[[ Task material open ]]

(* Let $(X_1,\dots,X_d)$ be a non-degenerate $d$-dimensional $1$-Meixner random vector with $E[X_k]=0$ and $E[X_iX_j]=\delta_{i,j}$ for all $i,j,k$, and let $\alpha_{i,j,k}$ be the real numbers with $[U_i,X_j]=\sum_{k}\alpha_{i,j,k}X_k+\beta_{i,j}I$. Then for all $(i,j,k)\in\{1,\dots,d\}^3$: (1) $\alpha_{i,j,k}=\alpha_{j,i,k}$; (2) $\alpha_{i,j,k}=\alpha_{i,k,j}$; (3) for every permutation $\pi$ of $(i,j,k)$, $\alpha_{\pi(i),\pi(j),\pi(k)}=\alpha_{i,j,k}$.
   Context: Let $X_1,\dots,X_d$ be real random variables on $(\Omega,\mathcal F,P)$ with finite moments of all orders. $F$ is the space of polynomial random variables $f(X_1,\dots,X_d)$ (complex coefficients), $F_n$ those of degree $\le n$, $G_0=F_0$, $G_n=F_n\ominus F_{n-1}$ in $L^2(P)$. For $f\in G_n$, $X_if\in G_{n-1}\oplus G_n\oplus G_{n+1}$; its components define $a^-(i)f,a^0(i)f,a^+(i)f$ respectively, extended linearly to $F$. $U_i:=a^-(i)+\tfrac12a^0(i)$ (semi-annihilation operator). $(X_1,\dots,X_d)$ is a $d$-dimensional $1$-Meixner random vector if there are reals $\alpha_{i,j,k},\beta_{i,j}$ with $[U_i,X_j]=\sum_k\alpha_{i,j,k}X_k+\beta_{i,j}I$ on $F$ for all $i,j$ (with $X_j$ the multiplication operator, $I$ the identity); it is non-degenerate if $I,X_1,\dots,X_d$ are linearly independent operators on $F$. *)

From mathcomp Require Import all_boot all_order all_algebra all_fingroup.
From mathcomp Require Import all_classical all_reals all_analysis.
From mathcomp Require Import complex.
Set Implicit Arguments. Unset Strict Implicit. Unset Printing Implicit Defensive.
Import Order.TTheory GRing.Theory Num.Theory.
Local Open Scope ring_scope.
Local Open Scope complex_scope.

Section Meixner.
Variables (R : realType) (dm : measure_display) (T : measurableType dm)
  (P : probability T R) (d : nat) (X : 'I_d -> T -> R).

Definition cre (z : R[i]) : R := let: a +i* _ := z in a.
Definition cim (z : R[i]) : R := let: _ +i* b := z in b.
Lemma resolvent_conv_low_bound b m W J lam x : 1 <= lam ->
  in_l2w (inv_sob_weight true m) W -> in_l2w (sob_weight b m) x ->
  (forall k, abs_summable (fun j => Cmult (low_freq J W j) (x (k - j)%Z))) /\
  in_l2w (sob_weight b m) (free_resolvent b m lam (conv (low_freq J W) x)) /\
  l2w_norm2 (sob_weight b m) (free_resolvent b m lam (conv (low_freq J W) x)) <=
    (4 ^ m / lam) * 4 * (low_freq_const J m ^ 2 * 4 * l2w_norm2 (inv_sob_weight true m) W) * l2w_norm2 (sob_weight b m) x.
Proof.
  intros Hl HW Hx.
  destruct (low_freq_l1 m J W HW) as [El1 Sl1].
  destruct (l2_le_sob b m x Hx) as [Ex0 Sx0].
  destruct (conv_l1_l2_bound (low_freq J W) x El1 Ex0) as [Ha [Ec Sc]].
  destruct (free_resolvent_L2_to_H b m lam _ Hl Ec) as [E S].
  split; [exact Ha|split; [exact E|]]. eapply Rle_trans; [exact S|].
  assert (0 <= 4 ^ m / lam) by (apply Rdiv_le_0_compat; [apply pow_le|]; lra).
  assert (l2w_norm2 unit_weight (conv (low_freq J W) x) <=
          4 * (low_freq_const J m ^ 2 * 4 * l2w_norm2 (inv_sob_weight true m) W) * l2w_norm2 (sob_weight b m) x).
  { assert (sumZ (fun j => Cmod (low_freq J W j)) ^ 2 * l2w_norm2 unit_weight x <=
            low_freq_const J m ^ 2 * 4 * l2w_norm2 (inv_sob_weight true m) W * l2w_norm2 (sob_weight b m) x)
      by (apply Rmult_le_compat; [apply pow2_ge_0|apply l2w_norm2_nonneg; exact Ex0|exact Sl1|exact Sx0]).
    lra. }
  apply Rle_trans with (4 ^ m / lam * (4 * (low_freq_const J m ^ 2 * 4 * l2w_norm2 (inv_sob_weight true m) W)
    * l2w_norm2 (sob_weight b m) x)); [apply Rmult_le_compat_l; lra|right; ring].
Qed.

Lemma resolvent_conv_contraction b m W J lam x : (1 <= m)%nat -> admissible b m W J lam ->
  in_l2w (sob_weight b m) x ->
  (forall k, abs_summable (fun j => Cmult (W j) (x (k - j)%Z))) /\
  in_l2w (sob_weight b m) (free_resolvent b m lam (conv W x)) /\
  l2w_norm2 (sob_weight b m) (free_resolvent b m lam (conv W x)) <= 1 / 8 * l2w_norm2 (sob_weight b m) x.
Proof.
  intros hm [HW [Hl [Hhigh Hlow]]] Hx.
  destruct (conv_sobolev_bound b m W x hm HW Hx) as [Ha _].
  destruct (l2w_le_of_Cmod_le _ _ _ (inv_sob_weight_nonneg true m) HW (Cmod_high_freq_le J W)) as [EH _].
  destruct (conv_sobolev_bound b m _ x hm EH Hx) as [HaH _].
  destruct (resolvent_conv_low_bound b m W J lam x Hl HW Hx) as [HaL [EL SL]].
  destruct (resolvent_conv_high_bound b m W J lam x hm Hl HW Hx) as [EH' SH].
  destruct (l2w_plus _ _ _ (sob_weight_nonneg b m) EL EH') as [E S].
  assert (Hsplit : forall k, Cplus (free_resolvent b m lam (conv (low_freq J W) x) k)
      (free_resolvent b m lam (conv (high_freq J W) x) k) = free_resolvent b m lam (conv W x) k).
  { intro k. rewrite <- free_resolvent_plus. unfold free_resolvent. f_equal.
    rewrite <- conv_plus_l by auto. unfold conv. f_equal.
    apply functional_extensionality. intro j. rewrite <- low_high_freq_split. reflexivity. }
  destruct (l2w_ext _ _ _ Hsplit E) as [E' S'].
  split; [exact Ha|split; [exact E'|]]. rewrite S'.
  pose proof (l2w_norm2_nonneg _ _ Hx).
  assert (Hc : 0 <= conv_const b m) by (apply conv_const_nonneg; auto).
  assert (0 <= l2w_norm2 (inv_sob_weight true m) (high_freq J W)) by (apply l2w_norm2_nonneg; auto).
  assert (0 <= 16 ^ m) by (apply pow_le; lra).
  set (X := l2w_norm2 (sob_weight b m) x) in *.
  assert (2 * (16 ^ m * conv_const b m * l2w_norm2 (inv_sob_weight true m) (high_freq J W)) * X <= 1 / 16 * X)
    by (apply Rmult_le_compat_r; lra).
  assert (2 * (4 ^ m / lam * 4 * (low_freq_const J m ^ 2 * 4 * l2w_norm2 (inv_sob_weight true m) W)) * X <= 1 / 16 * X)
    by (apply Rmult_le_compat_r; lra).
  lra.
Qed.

[[ Task material closed ]]
[[ Task material open ]]

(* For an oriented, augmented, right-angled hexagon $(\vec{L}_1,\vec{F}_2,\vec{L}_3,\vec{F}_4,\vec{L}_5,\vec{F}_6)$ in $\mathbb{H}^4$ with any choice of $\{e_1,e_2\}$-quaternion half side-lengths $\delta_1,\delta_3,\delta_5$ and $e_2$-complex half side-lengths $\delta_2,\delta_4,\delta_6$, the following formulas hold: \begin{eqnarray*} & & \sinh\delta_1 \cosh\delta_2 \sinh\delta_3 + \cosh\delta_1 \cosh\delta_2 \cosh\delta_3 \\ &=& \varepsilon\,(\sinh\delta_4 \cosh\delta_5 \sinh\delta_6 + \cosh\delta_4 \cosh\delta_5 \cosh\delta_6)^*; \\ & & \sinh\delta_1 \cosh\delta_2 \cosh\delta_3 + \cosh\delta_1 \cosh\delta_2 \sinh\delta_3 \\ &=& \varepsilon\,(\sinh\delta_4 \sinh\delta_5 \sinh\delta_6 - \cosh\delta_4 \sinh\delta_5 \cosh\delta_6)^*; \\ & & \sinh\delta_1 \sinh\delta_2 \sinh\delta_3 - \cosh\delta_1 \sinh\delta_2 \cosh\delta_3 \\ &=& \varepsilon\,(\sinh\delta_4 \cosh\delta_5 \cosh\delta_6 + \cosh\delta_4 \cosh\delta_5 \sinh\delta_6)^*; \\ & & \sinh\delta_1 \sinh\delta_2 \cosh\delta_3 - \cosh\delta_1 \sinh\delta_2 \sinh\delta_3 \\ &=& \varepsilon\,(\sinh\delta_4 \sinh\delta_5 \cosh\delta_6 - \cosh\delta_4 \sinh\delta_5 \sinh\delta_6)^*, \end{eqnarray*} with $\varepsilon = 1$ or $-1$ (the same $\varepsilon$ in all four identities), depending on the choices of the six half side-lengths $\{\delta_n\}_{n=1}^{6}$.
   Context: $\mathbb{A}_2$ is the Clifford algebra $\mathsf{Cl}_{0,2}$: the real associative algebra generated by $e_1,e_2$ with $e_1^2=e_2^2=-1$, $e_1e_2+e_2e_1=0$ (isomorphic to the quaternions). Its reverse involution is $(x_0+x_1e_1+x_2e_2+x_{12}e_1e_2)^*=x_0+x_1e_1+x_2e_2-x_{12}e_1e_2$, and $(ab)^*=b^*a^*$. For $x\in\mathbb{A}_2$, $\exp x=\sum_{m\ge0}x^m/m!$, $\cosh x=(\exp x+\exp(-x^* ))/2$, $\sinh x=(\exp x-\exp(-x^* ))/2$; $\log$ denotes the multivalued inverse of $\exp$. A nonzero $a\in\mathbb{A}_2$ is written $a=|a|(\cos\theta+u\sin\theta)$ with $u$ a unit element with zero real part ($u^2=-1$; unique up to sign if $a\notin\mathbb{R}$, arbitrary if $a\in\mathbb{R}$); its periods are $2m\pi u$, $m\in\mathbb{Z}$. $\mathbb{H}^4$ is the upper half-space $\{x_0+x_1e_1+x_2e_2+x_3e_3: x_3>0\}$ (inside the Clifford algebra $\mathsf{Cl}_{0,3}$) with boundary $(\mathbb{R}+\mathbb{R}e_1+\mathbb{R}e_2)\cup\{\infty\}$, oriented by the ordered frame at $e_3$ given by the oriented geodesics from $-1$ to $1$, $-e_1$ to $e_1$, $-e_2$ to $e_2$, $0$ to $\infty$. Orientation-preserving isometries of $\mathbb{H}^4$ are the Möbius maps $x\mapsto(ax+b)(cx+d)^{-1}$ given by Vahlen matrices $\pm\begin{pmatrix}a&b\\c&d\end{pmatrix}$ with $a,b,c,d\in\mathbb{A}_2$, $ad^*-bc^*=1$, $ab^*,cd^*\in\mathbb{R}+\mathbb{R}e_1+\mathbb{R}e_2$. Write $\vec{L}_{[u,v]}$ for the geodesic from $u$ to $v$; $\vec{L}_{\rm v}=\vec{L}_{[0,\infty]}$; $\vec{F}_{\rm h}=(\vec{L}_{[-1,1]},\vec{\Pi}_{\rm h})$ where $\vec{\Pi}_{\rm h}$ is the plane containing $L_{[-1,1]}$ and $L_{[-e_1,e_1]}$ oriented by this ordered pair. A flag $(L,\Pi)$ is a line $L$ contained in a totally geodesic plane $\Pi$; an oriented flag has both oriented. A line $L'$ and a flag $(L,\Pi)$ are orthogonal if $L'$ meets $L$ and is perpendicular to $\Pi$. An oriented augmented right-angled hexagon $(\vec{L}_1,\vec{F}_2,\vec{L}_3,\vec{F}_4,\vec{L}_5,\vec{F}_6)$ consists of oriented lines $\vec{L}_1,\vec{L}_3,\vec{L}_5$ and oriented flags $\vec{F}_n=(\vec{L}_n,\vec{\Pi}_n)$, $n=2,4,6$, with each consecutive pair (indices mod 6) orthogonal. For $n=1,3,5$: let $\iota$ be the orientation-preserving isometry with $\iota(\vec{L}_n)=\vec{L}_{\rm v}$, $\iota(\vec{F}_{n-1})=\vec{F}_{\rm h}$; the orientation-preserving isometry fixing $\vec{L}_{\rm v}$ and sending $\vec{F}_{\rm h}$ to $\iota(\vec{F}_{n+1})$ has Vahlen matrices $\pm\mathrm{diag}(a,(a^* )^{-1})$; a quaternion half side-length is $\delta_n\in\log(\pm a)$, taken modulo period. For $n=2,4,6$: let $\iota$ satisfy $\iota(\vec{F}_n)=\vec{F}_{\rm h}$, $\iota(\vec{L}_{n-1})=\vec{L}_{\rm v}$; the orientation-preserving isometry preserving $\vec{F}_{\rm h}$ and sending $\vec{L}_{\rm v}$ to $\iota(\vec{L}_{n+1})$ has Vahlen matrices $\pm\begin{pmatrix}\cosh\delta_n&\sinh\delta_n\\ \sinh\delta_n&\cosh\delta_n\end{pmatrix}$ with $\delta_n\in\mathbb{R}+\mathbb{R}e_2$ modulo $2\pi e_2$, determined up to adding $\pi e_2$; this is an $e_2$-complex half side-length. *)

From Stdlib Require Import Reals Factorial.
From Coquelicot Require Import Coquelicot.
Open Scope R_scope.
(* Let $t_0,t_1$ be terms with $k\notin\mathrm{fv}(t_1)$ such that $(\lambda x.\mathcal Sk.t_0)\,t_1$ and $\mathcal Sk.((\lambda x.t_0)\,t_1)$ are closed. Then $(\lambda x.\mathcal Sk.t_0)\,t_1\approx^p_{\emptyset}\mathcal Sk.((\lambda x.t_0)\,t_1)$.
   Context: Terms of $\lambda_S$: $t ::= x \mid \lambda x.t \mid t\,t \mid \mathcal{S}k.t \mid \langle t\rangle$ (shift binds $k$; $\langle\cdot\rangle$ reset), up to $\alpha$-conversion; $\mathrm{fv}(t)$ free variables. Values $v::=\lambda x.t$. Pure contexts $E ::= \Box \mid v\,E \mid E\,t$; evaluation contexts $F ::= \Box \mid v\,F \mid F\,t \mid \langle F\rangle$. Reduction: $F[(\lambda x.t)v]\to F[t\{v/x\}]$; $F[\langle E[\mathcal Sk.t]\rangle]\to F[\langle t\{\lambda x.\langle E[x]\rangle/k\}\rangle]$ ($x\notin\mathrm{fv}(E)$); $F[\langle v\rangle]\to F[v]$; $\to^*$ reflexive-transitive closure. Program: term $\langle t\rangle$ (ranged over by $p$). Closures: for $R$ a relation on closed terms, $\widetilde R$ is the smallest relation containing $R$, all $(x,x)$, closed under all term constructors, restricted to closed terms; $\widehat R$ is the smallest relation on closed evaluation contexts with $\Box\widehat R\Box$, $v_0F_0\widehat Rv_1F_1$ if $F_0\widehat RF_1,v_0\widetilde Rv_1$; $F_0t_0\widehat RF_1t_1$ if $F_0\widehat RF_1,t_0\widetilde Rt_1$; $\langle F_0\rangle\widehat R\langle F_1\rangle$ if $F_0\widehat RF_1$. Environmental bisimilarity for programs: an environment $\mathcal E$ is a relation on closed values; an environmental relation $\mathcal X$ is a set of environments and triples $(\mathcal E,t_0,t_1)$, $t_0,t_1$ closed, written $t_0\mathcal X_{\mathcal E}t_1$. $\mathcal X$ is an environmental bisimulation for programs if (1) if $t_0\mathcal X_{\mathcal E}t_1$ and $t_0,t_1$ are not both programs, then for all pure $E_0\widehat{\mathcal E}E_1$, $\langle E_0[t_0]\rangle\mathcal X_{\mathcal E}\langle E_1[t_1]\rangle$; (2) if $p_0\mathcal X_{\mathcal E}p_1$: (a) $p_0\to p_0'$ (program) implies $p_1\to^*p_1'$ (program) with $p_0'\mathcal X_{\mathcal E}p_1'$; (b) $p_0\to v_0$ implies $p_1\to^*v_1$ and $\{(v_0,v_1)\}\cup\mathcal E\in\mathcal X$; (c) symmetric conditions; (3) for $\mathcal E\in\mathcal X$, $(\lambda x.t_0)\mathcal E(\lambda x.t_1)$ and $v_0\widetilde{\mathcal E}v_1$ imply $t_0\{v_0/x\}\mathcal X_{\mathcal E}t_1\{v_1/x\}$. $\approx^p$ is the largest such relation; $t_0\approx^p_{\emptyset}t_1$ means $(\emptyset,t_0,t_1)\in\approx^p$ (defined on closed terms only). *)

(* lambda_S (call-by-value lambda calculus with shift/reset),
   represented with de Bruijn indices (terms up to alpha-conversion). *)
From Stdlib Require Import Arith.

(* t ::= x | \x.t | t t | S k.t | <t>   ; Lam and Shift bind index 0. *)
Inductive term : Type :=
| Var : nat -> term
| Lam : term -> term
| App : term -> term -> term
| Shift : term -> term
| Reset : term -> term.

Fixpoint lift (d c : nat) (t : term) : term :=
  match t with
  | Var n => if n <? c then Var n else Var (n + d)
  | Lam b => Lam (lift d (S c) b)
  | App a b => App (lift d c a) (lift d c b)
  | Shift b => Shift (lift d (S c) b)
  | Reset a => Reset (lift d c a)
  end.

[[ Task material closed ]]

*Prompt*: Copy every line from the records that holds the string "forall".

*Exercise output*:
  (forall k, abs_summable (fun j => Cmult (low_freq J W j) (x (k - j)%Z))) /\
  (forall k, abs_summable (fun j => Cmult (W j) (x (k - j)%Z))) /\
  assert (Hsplit : forall k, Cplus (free_resolvent b m lam (conv (low_freq J W) x) k)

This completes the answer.